Saturday, November 28, 2009

Peer-Pleaser or God-Pleaser?



19-21What actually took place is this: I tried keeping rules and working my head off to please God, and it didn't work. So I quit being a "law man" so that I could be God's man. Christ's life showed me how, and enabled me to do it. I identified myself completely with him. Indeed, I have been crucified with Christ. My ego is no longer central. It is no longer important that I appear righteous before you or have your good opinion, and I am no longer driven to impress God. Christ lives in me. The life you see me living is not "mine," but it is lived by faith in the Son of God, who loved me and gave himself for me. I am not going to go back on that.

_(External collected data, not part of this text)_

Lemma scanS k : scan k.+1 =2 kcomp (scan k) (site k).
Proof.
move=> g g'; set h0 := mixst k g g'.
rewrite /kcomp (bigD1 h0) //= big1 ?addr0 => [|h /eqP h_neq]; last first.
  rewrite /scan /site.
  have [/forallP h_tail|] := boolP [forall i : 'I_P, (k <= i)%N ==> (h i == g i)];
    last by rewrite mulr0 mul0r.
  have [/forallP h_agree|] := boolP (agree_off k g' h); last by rewrite !mulr0.
  case: h_neq; apply/ffunP => i; rewrite ffunE.
  case: ltnP => [ik | ki]; last exact/eqP/(implyP (h_tail i)).
  by apply/esym/eqP/(implyP (h_agree i)); rewrite neq_ltn ik.
have h0_tail : [forall i : 'I_P, (k <= i)%N ==> (h0 i == g i)].
  by apply/forallP => i; apply/implyP => ki; rewrite ffunE ltnNge ki.
have agree_h0 : agree_off k g' h0 = [forall i : 'I_P, (k.+1 <= i)%N ==> (g' i == g i)].
  apply: eq_forallb => i; rewrite ffunE.
  case: (ltngtP i k) => [ik | ki | /val_inj->]; rewrite ?eqxx ?implybT //.
  by rewrite -val_eqE gtn_eqF.
rewrite /scan /site h0_tail agree_h0 mulr1 mulrA (bigD1 k) //= [_ * cond _ _ _ _]mulrC.
congr (_ * _ * _).
symmetry; apply: eq_big => [n | n n_lt_k]; first by rewrite ltnS andbC -ltn_neqAle.
by rewrite mixst_mixst ?(ltnW n_lt_k) // ffunE n_lt_k.
Qed.

Lemma scan_stochastic (m : nat) : (m <= P)%N -> stochastic (scan m).
Proof.
elim: m => [_ | m IH m_lt_P]; first exact: eq_stochastic scan0 stochastic_kid.
apply: (eq_stochastic (scanS (Ordinal m_lt_P))).
exact: stochastic_kcomp (IH (ltnW m_lt_P)) (site_stochastic _).
Qed.

Lemma scan_stationary (m : nat) : (m <= P)%N -> stationary (target et) (scan m).
Proof.
elim: m => [_ | m IH m_lt_P]; first exact: eq_stationary scan0 (stationary_kid _).
apply: (eq_stationary (scanS (Ordinal m_lt_P))).
exact: stationary_kcomp (IH (ltnW m_lt_P)) (site_stationary _).
Qed.

Lemma kernel_stochastic : stochastic (kernel (M := M) et).
Proof. exact: eq_stochastic kernelE (scan_stochastic (leqnn P)). Qed.

Lemma kernel_stationary : stationary (target et) (kernel (M := M) et).
Proof. exact: eq_stationary kernelE (scan_stationary (leqnn P)). Qed.
(* Let $a=\{a_1,\dots,a_m\}$ be a set of positive integers and $n\ge 0$. There exist a function $P_{n,a}:\mathbb{Z}_{\ge0}\to\mathbb{Q}$ (in fact a polynomial) and an integer $N$ such that for every $s\ge 1$ and all integers $k_1,\dots,k_s\ge N$, the number of $n$-element independent sets of the disjoint union $F(a,k_1)+F(a,k_2)+\cdots+F(a,k_s)$ equals $P_{n,a}(k_1+\cdots+k_s)$. In other words, this number depends only on $a$, $n$ and $\sum_ik_i$.
   Context: For a set $a=\{a_1,\dots,a_m\}$ of positive integers and a positive integer $k$, $F(a,k)$ is the simple graph with vertex set $\mathbb{Z}/k\mathbb{Z}$ in which distinct vertices $i,j$ are adjacent if and only if $i-j\equiv a_r\pmod k$ or $j-i\equiv a_r\pmod k$ for some $1\le r\le m$. $G_1+\cdots+G_s$ denotes the disjoint union of graphs. An independent set is a set of vertices no two of which are adjacent. *)

From HB Require Import structures.
From mathcomp Require Import all_boot all_order all_algebra.
Set Implicit Arguments. Unset Strict Implicit. Unset Printing Implicit Defensive.

(* Adjacency in F(a,k): vertices x, y in {0,..,k-1} representing Z/kZ;
   distinct x,y adjacent iff x - y = a_r or y - x = a_r (mod k) for some r. *)
Definition Fadj (a : seq nat) (k : nat) (x y : nat) : bool :=
  (x != y) &&
  has (fun r => ((x + k - y) %% k == r %% k) || ((y + k - x) %% k == r %% k)) a.

(* Vertex set of F(a,k_1)+...+F(a,k_s), where ks = [:: k_1; ...; k_s]:
   a vertex is a component index i together with an element of Z/k_i Z. *)
Definition vert (ks : seq nat) : finType :=
  {i : 'I_(size ks) & 'I_(nth 0 ks i)}.

Definition union_adj (a : seq nat) (ks : seq nat) (u v : vert ks) : bool :=
  (tag u == tag v) &&
  Fadj a (nth 0 ks (tag u)) (nat_of_ord (tagged u)) (nat_of_ord (tagged v)).

Definition independent (a ks : seq nat) (S : {set vert ks}) : bool :=
  [forall u in S, forall v in S, ~~ union_adj a u v].

Definition num_indep (a ks : seq nat) (n : nat) : nat :=
  #|[set S : {set vert ks} | independent a S & #|S| == n]|.

From HB Require Import structures.
From mathcomp Require Import all_boot all_order all_algebra zify ring.
Import GRing.Theory Num.Theory.
Set Implicit Arguments. Unset Strict Implicit. Unset Printing Implicit Defensive.
Local Open Scope ring_scope.

(* Counting ordered n-tuples of distinct, pairwise non-adjacent vertices gives
   n! times the wanted number; expand it by inclusion-exclusion over the set J of
   pairs of positions forced to be equal or adjacent.  For fixed J such a tuple is
   determined by the vertex at a root of each connected component of J (any of the
   k_1 + ... + k_s vertices) and by the offsets of the other positions from their
   root along its cycle.  These offsets are bounded by n * max a, so once every k_i
   is large no wrap-around occurs and the admissible offset patterns do not depend
   on the k_i: each term is a constant times (k_1 + ... + k_s) ^ #components(J). *)

Lemma natr_card_set (R : pzSemiRingType) (T : finType) (P : pred T) :
  #|[set x | P x]|%:R = \sum_x (P x)%:R :> R.
Proof.
rewrite -sum1_card natr_sum big_mkcond; apply: eq_bigr => x _.
by rewrite inE; case: (P x).
Qed.

Lemma prod_natr_bool (R : comPzSemiRingType) (I : finType) (A : pred I)
    (b : I -> bool) :
  \prod_(i in A) (b i)%:R = [forall i in A, b i]%:R :> R.
Proof.
have [/forall_inP bA | /forall_inPn [i iA nbi]] := boolP [forall i in A, b i].
  by rewrite big1 // => i /bA ->.
by rewrite (bigD1 i iA) /= (negbTE nbi) mul0r.
Qed.

Lemma inclusion_exclusion (R : comPzRingType) (I T : finType) (bad : I -> pred T) :
  #|[set x | [forall i, ~~ bad i x]]|%:R =
  \sum_(J : {set I}) (-1) ^+ #|J| * #|[set x | [forall i in J, bad i x]]|%:R :> R.
Proof.
transitivity (\sum_x \prod_i (- (bad i x)%:R + 1) : R).
  rewrite natr_card_set; apply: eq_bigr => x _.
  rewrite -(prod_natr_bool _ predT); apply: eq_bigr => i _.
  by case: (bad i x); rewrite /= ?oppr0 ?add0r ?addNr.
under eq_bigr => x _ do rewrite bigA_distr.
rewrite exchange_big; apply: eq_bigr => J _.
rewrite natr_card_set mulr_sumr; apply: eq_bigr => x _.
by rewrite -prod_natr_bool -prodrN [RHS]big_mkcond.
Qed.

Section LabelledIndependentSets.
Variables (T : finType) (e : rel T) (n : nat).
Hypothesis e_irr : irreflexive e.

Definition indep_sets : {set {set T}} :=
  [set S : {set T} | [forall u in S, forall v in S, ~~ e u v] & #|S| == n].

Definition indep_tuples : {set {ffun 'I_n -> T}} :=
  [set f : {ffun 'I_n -> T} | [forall p : 'I_n * 'I_n,
             ~~ ((p.1 != p.2) && ((f p.1 == f p.2) || e (f p.1) (f p.2)))]].

Lemma indep_tuple_inj f : f \in indep_tuples -> injective f.
Proof.
rewrite inE => /forallP indf i j fij; apply/eqP/negPn/negP => neq_ij.
by have := indf (i, j); rewrite /= neq_ij fij eqxx.
Qed.

Lemma indep_tuple_image f :
  f \in indep_tuples -> [set f i | i : 'I_n] \in indep_sets.
Proof.
move=> indf; rewrite inE card_in_imset ?card_ord; last first.
  by move=> i j _ _; apply: indep_tuple_inj.
rewrite eqxx andbT; apply/forall_inP => _ /imsetP[i _ ->].
apply/forall_inP => _ /imsetP[j _ ->].
have [-> | neq_ij] := eqVneq i j; first by rewrite e_irr.
by move: indf; rewrite inE => /forallP/(_ (i, j)); rewrite /= neq_ij negb_or => /andP[].
Qed.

Is it not clear to you that to go back to that old rule-keeping, peer-pleasing religion would be an abandonment of everything personal and free in my relationship with God? I refuse to do that, to repudiate God's grace. If a living relationship with God could come by rule-keeping, then Christ died unnecessarily.

Galatians 2:19-21 (The Message)

19For through the law I died to the law so that I might live for God. 20I have been crucified with Christ and I no longer live, but Christ lives in me. The life I live in the body, I live by faith in the Son of God, who loved me and gave himself for me. 21I do not set aside the grace of God, for if righteousness could be gained through the law, Christ died for nothing!"

Galatians 2:19-21 (NIV)

I was talking to Lisa Myers the other day and she told me that this Bible verse from "The Message" translation "blew her mind". So I checked it out. I've also put the NIV translation up, because I found that it was a verse I've read and heard quoted before. The Message translation made me look at it in a new light, and I thought that was awesome.

I found this part especially pointed: "Is it not clear to you that to go back to that old rule-keeping, peer-pleasing religion would be an abandonment of everything personal and free in my relationship with God?" How easy is it to try to adopt what we believe to please our peers. It is so "in" these days to accommodate everyone else's point of view on religion and try not to offend them. It seems like the right thing to do. If we are accepting of their beliefs, then we're loving them, right? Well maybe.

Then again, maybe not.

This verse talks about us having a relationship with God, and living out our lives through that relationship. If we are instead trying to live our lives to please our peers and trying to build a relationship with God based on that, we are not on a firm foundation. I think it's important to note though, that Paul never promises this is an easy task. It takes work to have a relationship with God - just like any other relationship. It's a much more rewarding one to have however because God never bails on you and He's always ready to take you back no matter how many times you bail on Him.